# Need information for additional meter installation



## rlc3854 (Dec 30, 2007)

Ok, what is a general electrician? Like you are a certified California general electrician. Can you pull a permit?


----------



## alpha_power (Mar 13, 2010)

Yes, i'm a certified general electrician and already check with building and safety division about the permit i'm justunsure about the procedure due to is my first time doing a meter


----------



## rlc3854 (Dec 30, 2007)

alpha_power said:


> Yes, i'm a certified general electrician and already check with building and safety division about the permit i'm just unsure due to is my first time doing a meter


What is the current layout of the service, does the second floor have/need a panel? You will most likely need to replace the current service based on a load calculation for the two floors (seperate rentals) and set a new multi-meter combination can with disconnects to each floors main panels.


----------



## alpha_power (Mar 13, 2010)

The
View attachment Doc2.1.doc


View attachment Doc2.2.doc


View attachment Doc2.3.doc


View attachment Doc2.doc

Here are some pics. The curren layout is 200 amps and there is a panel on the second floor already.


----------



## rlc3854 (Dec 30, 2007)

Bro, you have a lot going on on this project. As I said I believe you will have to change the current meter pan and replace with a combination mutiple meter pan. On Doc 2.3 you will need to change that conduit entering the panel with the LB consealed by the wall.

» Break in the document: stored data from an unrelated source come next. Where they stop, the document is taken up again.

(* Let $m\ge2$ and $\theta_c=\frac{m-2}{3m-2}$. There exists a constant $A=A(m)>0$ such that for every $\theta\in(\theta_c,1]$ and every $n\ge1$, $$\rho(\mathrm{Plu},m,n,\theta)\le 2\,m!\,e^{-A(\theta-\theta_c)^2 n}.$$
   Context: A ranking is a strict total order on the candidates. A discrete profile consists of candidates, $n$ voters and a ranking $P_v$ per voter. Plurality: the score of $c$ is the number of voters ranking $c$ first; the highest score wins, ties broken by an arbitrary fixed rule. CM: a rule $f$ is coalitionally manipulable in a discrete profile $P$ if there is a discrete $Q$ with the same candidates and voters such that $f(Q)\ne f(P)$ and every voter $v$ with $Q_v\ne P_v$ prefers $f(Q)$ to $f(P)$ according to $P_v$. Perturbed Culture ($m,n\ge1$, $\theta\in(0,1]$): random discrete profile with candidates $\{1,\dots,m\}$, voters $\{1,\dots,n\}$, each voter independently having ranking $1\succ\cdots\succ m$ with probability $\theta$ and a uniformly random ranking with probability $1-\theta$. $\rho(f,m,n,\theta)$: probability that $f$ is CM in the random profile. *)

From HB Require Import structures.
From mathcomp Require Import all_boot all_order all_fingroup all_algebra.
From mathcomp Require Import reals.
From mathcomp Require Import sequences exp.
Set Implicit Arguments. Unset Strict Implicit. Unset Printing Implicit Defensive.
Import Order.TTheory GRing.Theory Num.Theory.
Local Open Scope ring_scope.

(* Candidates: 'I_m (candidate i+1 of the paper is the ordinal i).
   Voters: 'I_n.
   A ranking is a permutation s : {perm 'I_m}; s k is the candidate placed
   at position k (position 0 = top). *)
Definition ranking (m : nat) := {perm 'I_m}.
Definition profile (m n : nat) := {ffun 'I_n -> ranking m}.

Definition pos m (s : ranking m) (c : 'I_m) : nat := nat_of_ord ((s^-1)%g c).

Definition prefers m (s : ranking m) (a b : 'I_m) : bool := (pos s a < pos s b)%N.

Definition plu_score m n (P : profile m n) (c : 'I_m) : nat :=
  #|[set v : 'I_n | pos (P v) c == 0%N]|.

Definition plu_top m n (P : profile m n) : {set 'I_m} :=
  [set c | [forall d, plu_score P d <= plu_score P c]%N].

Definition tiebreak_ok m (tb : {set 'I_m} -> 'I_m) : Prop :=
  forall S : {set 'I_m}, S != set0 -> tb S \in S.

Definition plurality m n (tb : {set 'I_m} -> 'I_m) (P : profile m n) : 'I_m :=
  tb (plu_top P).

Definition CM m n (f : profile m n -> 'I_m) (P : profile m n) : bool :=
  [exists Q : profile m n,
     (f Q != f P) && [forall v, (Q v != P v) ==> prefers (P v) (f Q) (f P)]].

Definition pc_prob (R : realType) m n (theta : R) (P : profile m n) : R :=
  \prod_(v : 'I_n)
     (theta * (P v == 1%g)%:R + (1 - theta) / (m`!)%:R).

Definition rho (R : realType) m n (f : profile m n -> 'I_m) (theta : R) : R :=
  \sum_(P : profile m n) pc_prob theta P * (CM f P)%:R.

Definition theta_c (R : realType) (m : nat) : R :=
  (m%:R - 2) / (3 * m%:R - 2).

From HB Require Import structures.
From mathcomp Require Import all_boot all_order all_fingroup all_algebra.
From mathcomp Require Import reals.
From mathcomp Require Import sequences exp.
From mathcomp Require Import ring lra.
Import Order.TTheory GRing.Theory Num.Theory.
Local Open Scope ring_scope.

(* Candidate [ord0] is the one ranked first by the dominant ranking [1].  If
   Plurality is coalitionally manipulable at a profile, some rival c either
   scores at least as much as [ord0], or is preferred to [ord0] by at least as
   many voters as rank [ord0] first.  For a single perturbed-culture voter, the
   probability of "c first" (resp. "c above ord0") minus that of "ord0 first"
   is at most -(theta - theta_c); theta_c is precisely where the second
   difference vanishes.  A Chernoff bound over the n independent voters gives
   each of these 2(m - 1) events probability at most exp(-(theta - theta_c)^2 n / 4),
   and a union bound concludes with A = 1/4. *)

Lemma sum_ffun_prod (R : comPzSemiRingType) (T : finType) n (f : T -> R) :
  \sum_(P : {ffun 'I_n -> T}) \prod_v f (P v) = (\sum_t f t) ^+ n.
Proof. by rewrite -(bigA_distr_bigA (fun _ : 'I_n => f)) prodr_const card_ord. Qed.

Lemma sumr_mul_natb (R : pzSemiRingType) (T : finType) (F : T -> R) (E : pred T) :
  \sum_t F t * (E t)%:R = \sum_(t | E t) F t.
Proof.
by rewrite [RHS]big_mkcond; apply: eq_bigr => t _; case: (E t); rewrite ?mulr1 ?mulr0.
Qed.

Lemma union_bound {R : numDomainType} {I T : finType} {q : T -> R} {E : pred T}
    (J : pred I) (F : I -> pred T) :
  (forall x, 0 <= q x) -> (forall x, E x -> exists2 i, J i & F i x) ->
  \sum_(x | E x) q x <= \sum_(i | J i) \sum_(x | F i x) q x.
Proof.
move=> q_ge0 cover.
rewrite (exchange_big_dep predT) //= [X in X <= _]big_mkcond /=.
apply: ler_sum => x _; case Ex: (E x); last exact: sumr_ge0.
have [i Ji Fix] := cover x Ex.
by rewrite (bigD1 i) ?Ji ?Fix //= lerDl sumr_ge0.
Qed.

If I were you I would get the contractor you work for to take a look at the project and get some input as to what you will need to make this a safe and code compliant project. You may want to go see the AHJ also before anybody puts put any money.

I take it that this is a business and the owner will be pulling the permit to seperate the buildings occupancy use for building codes as well. Is the POCO SCE or LAPW?


----------



## alpha_power (Mar 13, 2010)

Its LAPW and the owner do want to separate the buiding's occupancy. what do you think of a current transformer meter for the second floor for KWHRS


----------



## rlc3854 (Dec 30, 2007)

PM sent check your in-box.


----------



## TOOL_5150 (Aug 27, 2007)

rlc3854 said:


> Ok, what is a general electrician? Like you are a certified California general electrician. Can you pull a permit?


Just FYI - In California, there is a residential certification and a general certification, Residential is pretty much limited to resi, where general covers commercial and fire alarm.

You cant pull a permit here without a license - the certification does not mean you can pull a permit.:thumbsup:

~Matt


----------



## SparkYZ (Jan 20, 2010)

The easiest thing to do would get some E-mon D-mon metering CT's and a meter, and deduct the KWH from the bill..
But if you want two separate bills from DWP, then go with what these guys are sayin


----------